I was about to say "read the damned post" and then I realised that I was thinking of another post I made on the subject.
I don't give MS any credit at all for the GUI model. Xerox did it, Unix did it, then later Apple did it followed by Atari and Amiga. Then there was IBM, and finally, last out of the gate, was Microsoft.
But before the GUI, it was Bill Gates who pushed the business model of software-as-a-profit-maker. The technology is irrelevant--without the cutthroat business that was built around software, we might never have had anything even remotely as advanced as we do today. Business drives technology, even though morally it should be the other way around.
As for that money being "his," well he exploited the system and the market to the fullest extent possible. In the good ol' capitalist system, it's his. (gag!) More to the point though, is that when anyone gets that kind of money, the best we can do is see if it gets used well. He's doing a hell of a lot more good with it than Jack Welch is with his stack, for instance.
Not trying to turn you into a Bill/MS lover (god knows I'm not!), but it's an interesting thought experiment to think about where we'd be without him and his relentless drive. (which make no mistake--was business and money, not technology)
Hmm. how about a utopian society where software was cheap and there were plenty of completely INteroperable platforms? I remember that the few programs which were available on different platforms had to be rewritten on each one, just like they are now for the most part. Common libraries and development platforms make it easier to port things than it once was.
Personally, I'd like to see Nolan Bushnel or Bill Joy singlehandedly in control of the computer world more than anyone else I can think of.
Note that I didn't say "a few years," I said "NEARLY as far"
Part of me wonders if we would have progressed beyond a command-line text-only interface by now if it weren't for Microsoft. If you work with that postulate, then it becomes a "ends/means" question. Does Bill Gates' destruction of the software industry as a cooperative venture justify his creation of the software industry as a profit-making (and therefore STRONGLY developed) entity?
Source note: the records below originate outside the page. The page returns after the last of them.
(* Let $f$, $c_f$ be as in the context and let $(\bar u_k)$ be generated by $\bar u_{k+1}=\bar u_k+\operatorname{argmin}_{\bar v}\{c_f(\bar u_k+\bar v;\bar u_k)+\frac{1}{2\gamma_k}\|\bar v\|_2^2\}$ from $\bar u_0$. Let $S=\{\bar u:f(\bar u)\le f(\bar u_0)\}$, let $\ell_{f,S}$ be the Lipschitz constant of $f$ on $S$, let $C=S+B_1$ where $B_1$ is the closed unit Euclidean ball centered at $0$, and let $M_C>0$ be such that $|f(\bar v)-c_f(\bar v;\bar u)|\le\frac{M_C}{2}\|\bar v-\bar u\|_2^2$ for all $\bar u,\bar v\in C$. Then for any $k$ with $\bar u_k\in S$, any step size $$\gamma_k\le\hat\gamma=\min\{\ell_{f,S}^{-1},M_C^{-1}\}$$ ensures the sufficient decrease condition $f(\bar u_{k+1})\le c_f(\bar u_{k+1};\bar u_k)+\frac{1}{2\gamma_k}\|\bar u_{k+1}-\bar u_k\|_2^2$.
   Context: Let $h:\mathbb{R}^{\tau d}\to\mathbb{R}$ and $g:\mathbb{R}^{\tau p}\to\mathbb{R}$ be convex quadratic functions, $\tilde x:\mathbb{R}^{\tau p}\to\mathbb{R}^{\tau d}$ differentiable with continuous gradients, and $f(\bar u)=h(\tilde x(\bar u))+g(\bar u)$. For differentiable $F:\mathbb{R}^n\to\mathbb{R}^m$, $\nabla F(z)\in\mathbb{R}^{n\times m}$ is the transposed Jacobian. The convex model is $c_f(\bar u+\bar v;\bar u)=h(\tilde x(\bar u)+\nabla\tilde x(\bar u)^\top\bar v)+g(\bar u+\bar v)$. *)

(* Row vectors 'rV[R]_n model R^n. *)
From HB Require Import structures.
From mathcomp Require Import all_boot all_order all_algebra.
From mathcomp Require Import all_classical all_reals all_analysis.
Set Implicit Arguments. Unset Strict Implicit. Unset Printing Implicit Defensive.
Import Order.TTheory GRing.Theory Num.Theory.
Import numFieldNormedType.Exports.
Local Open Scope ring_scope.

Section Defs.
Variable R : realType.

(* squared Euclidean norm and Euclidean norm (the library norm on 'rV is the max norm) *)
Definition sqnorm2 n (v : 'rV[R]_n) : R := \sum_(i < n) v 0 i ^+ 2.
Definition norm2 n (v : 'rV[R]_n) : R := Num.sqrt (sqnorm2 v).

Definition convex_quadratic n (q : 'rV[R]_n -> R) : Prop :=
  exists (Q : 'M[R]_n) (b : 'rV[R]_n) (c : R),
    Q^T = Q /\ (forall x : 'rV[R]_n, 0 <= (x *m Q *m x^T) 0 0) /\
    forall x, q x = 2^-1 * (x *m Q *m x^T) 0 0 + (x *m b^T) 0 0 + c.

(* transposed Jacobian: grad F u  i j = d F_j / d u_i  (an n x m matrix) *)
Definition grad n m (F : 'rV[R]_n -> 'rV[R]_m) (u : 'rV[R]_n) : 'M[R]_(n, m) :=
  \matrix_(i < n, j < m) ('D_(delta_mx 0 i) F u) 0 j.

(* the convex model c_f(u + v; u) = h(x(u) + grad x(u)^T v) + g(u + v),
   written with w = u + v as first argument *)
Definition cmodel n m (h : 'rV[R]_m -> R) (g : 'rV[R]_n -> R)
  (xt : 'rV[R]_n -> 'rV[R]_m) (w u : 'rV[R]_n) : R :=
  h (xt u + (w - u) *m grad xt u) + g w.

Definition euclid_lipschitz_on n (f : 'rV[R]_n -> R) (S : set 'rV[R]_n) (l : R) : Prop :=
  forall x y, S x -> S y -> `|f x - f y| <= l * norm2 (x - y).

Definition add_unit_ball n (S : set 'rV[R]_n) : set 'rV[R]_n :=
  fun x => exists s w, S s /\ norm2 w <= 1 /\ x = s + w.

Definition fobj n m (h : 'rV[R]_m -> R) (g : 'rV[R]_n -> R)
  (xt : 'rV[R]_n -> 'rV[R]_m) (u : 'rV[R]_n) : R := h (xt u) + g u.

Definition sublevel n (f : 'rV[R]_n -> R) (a : R) : set 'rV[R]_n :=
  fun u => f u <= a.

End Defs.

(* Write d = y - x for the proximal step from x and r for its Euclidean norm.
   Comparing y with x + (1 - s) d, optimality of y and convexity of the model
   give f x - c y x >= (2 - s) r^2 / (2 gamma).  If s r <= 1, the point x + s d
   lies in C, and the model error bound there, together with the Lipschitz bound
   on S (or f > f x outside S), gives f x - c y x <= l r + M s r^2 / 2.  Since
   gamma l <= 1 and gamma M <= 1 this forces (1 - s) r <= 1 for every such s,
   hence r <= 1.  So y lies in C too, and the model error bound at y is the
   sufficient decrease because M / 2 <= 1 / (2 gamma). *)

From HB Require Import structures.
From mathcomp Require Import all_boot all_order all_algebra.
From mathcomp Require Import all_classical all_reals all_analysis.
From mathcomp Require Import ring lra.
Set Implicit Arguments. Unset Strict Implicit. Unset Printing Implicit Defensive.
Import Order.TTheory GRing.Theory Num.Theory.
Import numFieldNormedType.Exports.
Local Open Scope ring_scope.

Section EuclideanNorm.
Variables (R : realType) (n : nat).
Implicit Types (v w x : 'rV[R]_n) (S : set 'rV[R]_n).

Lemma sqnorm2_ge0 v : 0 <= sqnorm2 v.
Proof. by apply: sumr_ge0 => i _; apply: sqr_ge0. Qed.

Lemma sqnorm2Z (s : R) v : sqnorm2 (s *: v) = s ^+ 2 * sqnorm2 v.
Proof. by rewrite /sqnorm2 mulr_sumr; apply: eq_bigr => i _; rewrite mxE exprMn. Qed.

Lemma norm2_ge0 v : 0 <= norm2 v.
Proof. exact: sqrtr_ge0. Qed.

Lemma sqr_norm2 v : norm2 v ^+ 2 = sqnorm2 v.
Proof. by rewrite sqr_sqrtr // sqnorm2_ge0. Qed.

Lemma norm2Z (s : R) v : 0 <= s -> norm2 (s *: v) = s * norm2 v.
Proof. by move=> s0; rewrite /norm2 sqnorm2Z sqrtrM ?sqr_ge0 // sqrtr_sqr ger0_norm. Qed.

Lemma norm20 : norm2 (0 : 'rV[R]_n) = 0.
Proof. by rewrite /norm2 /sqnorm2 big1 ?sqrtr0 // => i _; rewrite mxE expr0n. Qed.

Lemma add_unit_ballD S x w : S x -> norm2 w <= 1 -> add_unit_ball S (x + w).
Proof. by move=> Sx w1; exists x, w. Qed.

Lemma sub_add_unit_ball S x : S x -> add_unit_ball S x.
Proof. by move=> Sx; rewrite -[x]addr0; apply: add_unit_ballD; rewrite ?norm20. Qed.

End EuclideanNorm.

Lemma convex_quadraticP (R : realType) n (q : 'rV[R]_n -> R) (x e : 'rV[R]_n) (s : R) :
  convex_quadratic q -> 0 <= s <= 1 ->
  q (x + s *: e) <= (1 - s) * q x + s * q (x + e).
Proof.
move=> [Q [b [c [_ [Qpsd qE]]]]] /andP[s0 s1].
have eQe_ge0 := Qpsd e.
rewrite !qE !(linearD, linearZ) /= !(mulmxDl, mulmxDr) -!(scalemxAl, scalemxAr).
move: eQe_ge0 (x *m Q *m x^T) (x *m Q *m e^T) (e *m Q *m x^T) (x *m b^T) (e *m b^T).
move: (e *m Q *m e^T) => eQe eQe_ge0 xQx xQe eQx xb eb; rewrite !mxE.
(* the convexity gap is (s - s^2) / 2 times e Q e^T *)
have : 0 <= (s - s ^+ 2) * eQe 0 0 by apply: mulr_ge0 => //; nra.
nra.
Qed.

Lemma le1_of_shrunk_le1 (R : realFieldType) (r : R) :
  (forall s, 0 < s <= 1 -> s * r <= 1 -> (1 - s) * r <= 1) -> r <= 1.
Proof.
move=> shrunk; rewrite leNgt; apply/negP => r_gt1.
have r_gt0 : 0 < r by apply: lt_trans r_gt1.
(* small enough that s r < 1/2, yet (1 - s) r > 1 *)
pose s := (r - 1) / (2 * r ^+ 2).
have sE : s * (2 * r ^+ 2) = r - 1 by rewrite mulfVK // mulf_neq0 ?expf_neq0 // gt_eqF.
have s_gt0 : 0 < s by nra.
have s_le1 : s <= 1 by nra.
have sr_le1 : s * r <= 1 by nra.
have := shrunk s; rewrite s_gt0 s_le1 => /(_ isT sr_le1); nra.
Qed.

Lemma lipschitz_sublevel_lb (R : realType) n (f : 'rV[R]_n -> R) (a l : R) x z :
  euclid_lipschitz_on f (sublevel f a) l -> 0 <= l -> sublevel f a x ->
  f x - l * norm2 (z - x) <= f z.
Proof.
move=> f_lip l_ge0 Sx; have lz_ge0 := mulr_ge0 l_ge0 (norm2_ge0 (z - x)).
have [Sz | notSz] := boolP (f z <= a); last by rewrite /sublevel in Sx; lra.
by have := f_lip _ _ Sz Sx; rewrite ler_norml => /andP[+ _]; lra.
Qed.

Section ProximalStep.
Variables (R : realType) (n m : nat).
Variables (h : 'rV[R]_m -> R) (g : 'rV[R]_n -> R) (xt : 'rV[R]_n -> 'rV[R]_m).
Hypotheses (hq : convex_quadratic h) (gq : convex_quadratic g).
Local Notation f := (fobj h g xt).
Local Notation c := (cmodel h g xt).

Lemma cmodel_self x : c x x = f x.
Proof. by rewrite /cmodel /fobj subrr mul0mx addr0. Qed.

Lemma cmodel_convex x d (s : R) : 0 <= s <= 1 ->
  c (x + s *: d) x <= (1 - s) * f x + s * c (x + d) x.
Proof.
move=> s01; rewrite /cmodel /fobj !(addrC x) !addrK -scalemxAl.
have := convex_quadraticP (xt x) (d *m grad xt x) hq s01.
have := convex_quadraticP x d gq s01.
rewrite !(addrC x); lra.
Qed.

Variables (x y : 'rV[R]_n) (gamma : R).
Hypothesis gamma_gt0 : 0 < gamma.
Hypothesis y_prox : forall v, c y x + (2 * gamma)^-1 * sqnorm2 (y - x)
                              <= c (x + v) x + (2 * gamma)^-1 * sqnorm2 v.

Lemma prox_model_decrease s : 0 < s <= 1 ->
  (2 - s) * (2 * gamma)^-1 * sqnorm2 (y - x) <= f x - c y x.
Proof.
move=> /andP[s_gt0 s_le1].
have s01 : 0 <= 1 - s <= 1 by apply/andP; split; lra.
have := y_prox ((1 - s) *: (y - x)); rewrite sqnorm2Z => prox_opt.
have := cmodel_convex x (y - x) s01; rewrite subrKC => model_conv.
by rewrite -(ler_pM2l s_gt0); nra.
Qed.

Variables (a l M : R).
Local Notation S := (sublevel f a).
Hypotheses (Sx : S x) (l_ge0 : 0 <= l) (f_lip : euclid_lipschitz_on f S l).
Hypothesis M_bound : forall w v, add_unit_ball S w -> add_unit_ball S v ->
  `|f v - c v w| <= M / 2 * sqnorm2 (v - w).

Lemma model_gap_le s : 0 < s <= 1 -> s * norm2 (y - x) <= 1 ->
  f x - c y x <= l * norm2 (y - x) + M / 2 * s * sqnorm2 (y - x).
Proof.
move=> /andP[s_gt0 s_le1] sr_le1; have s_ge0 := ltW s_gt0.
have s01 : 0 <= s <= 1 by rewrite s_ge0.
have shiftE : x + s *: (y - x) - x = s *: (y - x) by rewrite addrAC subrr add0r.
have Cs : add_unit_ball S (x + s *: (y - x)).
  by apply: add_unit_ballD => //; rewrite norm2Z.
have := M_bound (sub_add_unit_ball Sx) Cs.
rewrite shiftE sqnorm2Z ler_norml => /andP[_ model_err].
have := lipschitz_sublevel_lb (x + s *: (y - x)) f_lip l_ge0 Sx.
rewrite shiftE norm2Z // => lip_lb.
have := cmodel_convex x (y - x) s01; rewrite subrKC => model_conv.
by rewrite -(ler_pM2l s_gt0); lra.
Qed.

Hypotheses (gamma_l : gamma * l <= 1) (gamma_M : gamma * M <= 1).

Lemma norm2_prox_step_le1 : norm2 (y - x) <= 1.
Proof.
apply: le1_of_shrunk_le1 => s s01 sr_le1.
have := le_trans (prox_model_decrease s01) (model_gap_le s01 sr_le1).
rewrite -sqr_norm2; have r_ge0 := norm2_ge0 (y - x).
set r := norm2 (y - x) in sr_le1 r_ge0 * => gap.
have gamma2_gt0 : 0 < 2 * gamma by rewrite mulr_gt0.
rewrite -(ler_pM2l gamma2_gt0) in gap.
have lr_le : gamma * l * r <= r by rewrite -[leRHS]mul1r ler_wpM2r.
have Mr_le : gamma * M * (s * r ^+ 2) <= s * r ^+ 2.
  by rewrite -[leRHS]mul1r ler_wpM2r // mulr_ge0 ?sqr_ge0 // ltW; case/andP: s01.
have shrink : (1 - s) * r ^+ 2 <= r.
  have E : 2 * gamma * ((2 - s) / (2 * gamma) * r ^+ 2) = (2 - s) * r ^+ 2.
    by field; rewrite gt_eqF.
  lra.
have [r_gt0 | r_le0] := ltrP 0 r; last by nra.
by rewrite -(ler_pM2r r_gt0) mul1r -mulrA -expr2.
Qed.

Lemma prox_sufficient_decrease : f y <= c y x + (2 * gamma)^-1 * sqnorm2 (y - x).
Proof.
have Cy : add_unit_ball S y.
  by rewrite -(subrKC x y); apply: add_unit_ballD => //; apply: norm2_prox_step_le1.
have := M_bound (sub_add_unit_ball Sx) Cy; rewrite ler_norml => /andP[_ model_err].
have M_le : M / 2 <= (2 * gamma)^-1.
  rewrite -subr_ge0 (_ : _ - _ = (1 - gamma * M) / (2 * gamma)).
    by rewrite divr_ge0 ?subr_ge0 // mulr_ge0 // ltW.
  by field; rewrite gt_eqF.
have := ler_wpM2r (sqnorm2_ge0 (y - x)) M_le; lra.
Qed.
End ProximalStep.

Theorem lemma3 (R : realType) (n m : nat)
  (h : 'rV[R]_m -> R) (g : 'rV[R]_n -> R) (xt : 'rV[R]_n -> 'rV[R]_m)
  (hq : convex_quadratic h) (gq : convex_quadratic g)
  (xt_diff : forall u, differentiable xt u)
  (xt_grad_cont : forall i j, continuous (fun u => grad xt u i j))
  (u : nat -> 'rV[R]_n) (gamma : nat -> R)
  (gamma_pos : forall k, 0 < gamma k)
  (u_step : forall k (v : 'rV[R]_n),
     cmodel h g xt (u k.+1) (u k) + (2 * gamma k)^-1 * sqnorm2 (u k.+1 - u k)
     <= cmodel h g xt (u k + v) (u k) + (2 * gamma k)^-1 * sqnorm2 v)
  (l M : R) (l_pos : 0 < l) (M_pos : 0 < M)
  (l_lip : euclid_lipschitz_on (fobj h g xt) (sublevel (fobj h g xt) (fobj h g xt (u 0%N))) l)
  (M_bound : forall w v : 'rV[R]_n,
     add_unit_ball (sublevel (fobj h g xt) (fobj h g xt (u 0%N))) w ->
     add_unit_ball (sublevel (fobj h g xt) (fobj h g xt (u 0%N))) v ->
     `|fobj h g xt v - cmodel h g xt v w| <= M / 2 * sqnorm2 (v - w))
  (k : nat)
  (uk_S : sublevel (fobj h g xt) (fobj h g xt (u 0%N)) (u k))
  (gamma_le : gamma k <= Num.min l^-1 M^-1) :
  fobj h g xt (u k.+1)
    <= cmodel h g xt (u k.+1) (u k) + (2 * gamma k)^-1 * sqnorm2 (u k.+1 - u k).
Proof.
have le_inv_mul (z w : R) : 0 < w -> z <= w^-1 -> z * w <= 1.
  by move=> w_gt0; rewrite -[w^-1]div1r ler_pdivlMr.
move: gamma_le; rewrite le_min => /andP[gamma_l gamma_M].
exact: (prox_sufficient_decrease hq gq (gamma_pos k) (u_step k) uk_S (ltW l_pos)
  l_lip M_bound (le_inv_mul _ _ l_pos gamma_l) (le_inv_mul _ _ M_pos gamma_M)).
Qed.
Not an easy question, if you look at it honestly.
Now on a totally tangential note, there's one thing that I respect Bill for fully. He has given a LOT of his own personal money to education and charities, and the only reason it's been made public (in the past) is that as Chairman of MS, he's required to divulge his finances to a greater extent than most.
But as a businessman, he's bloodthirsty and evil.
Heh. That would have been my second choice. In retrospect, it might have been my first.
Should I be worried that I recognised all of the musical references in this thread?
Bugger me. I utterly forgot to include the HTML tags.
Guess that's what I get for having that third pint at lunch.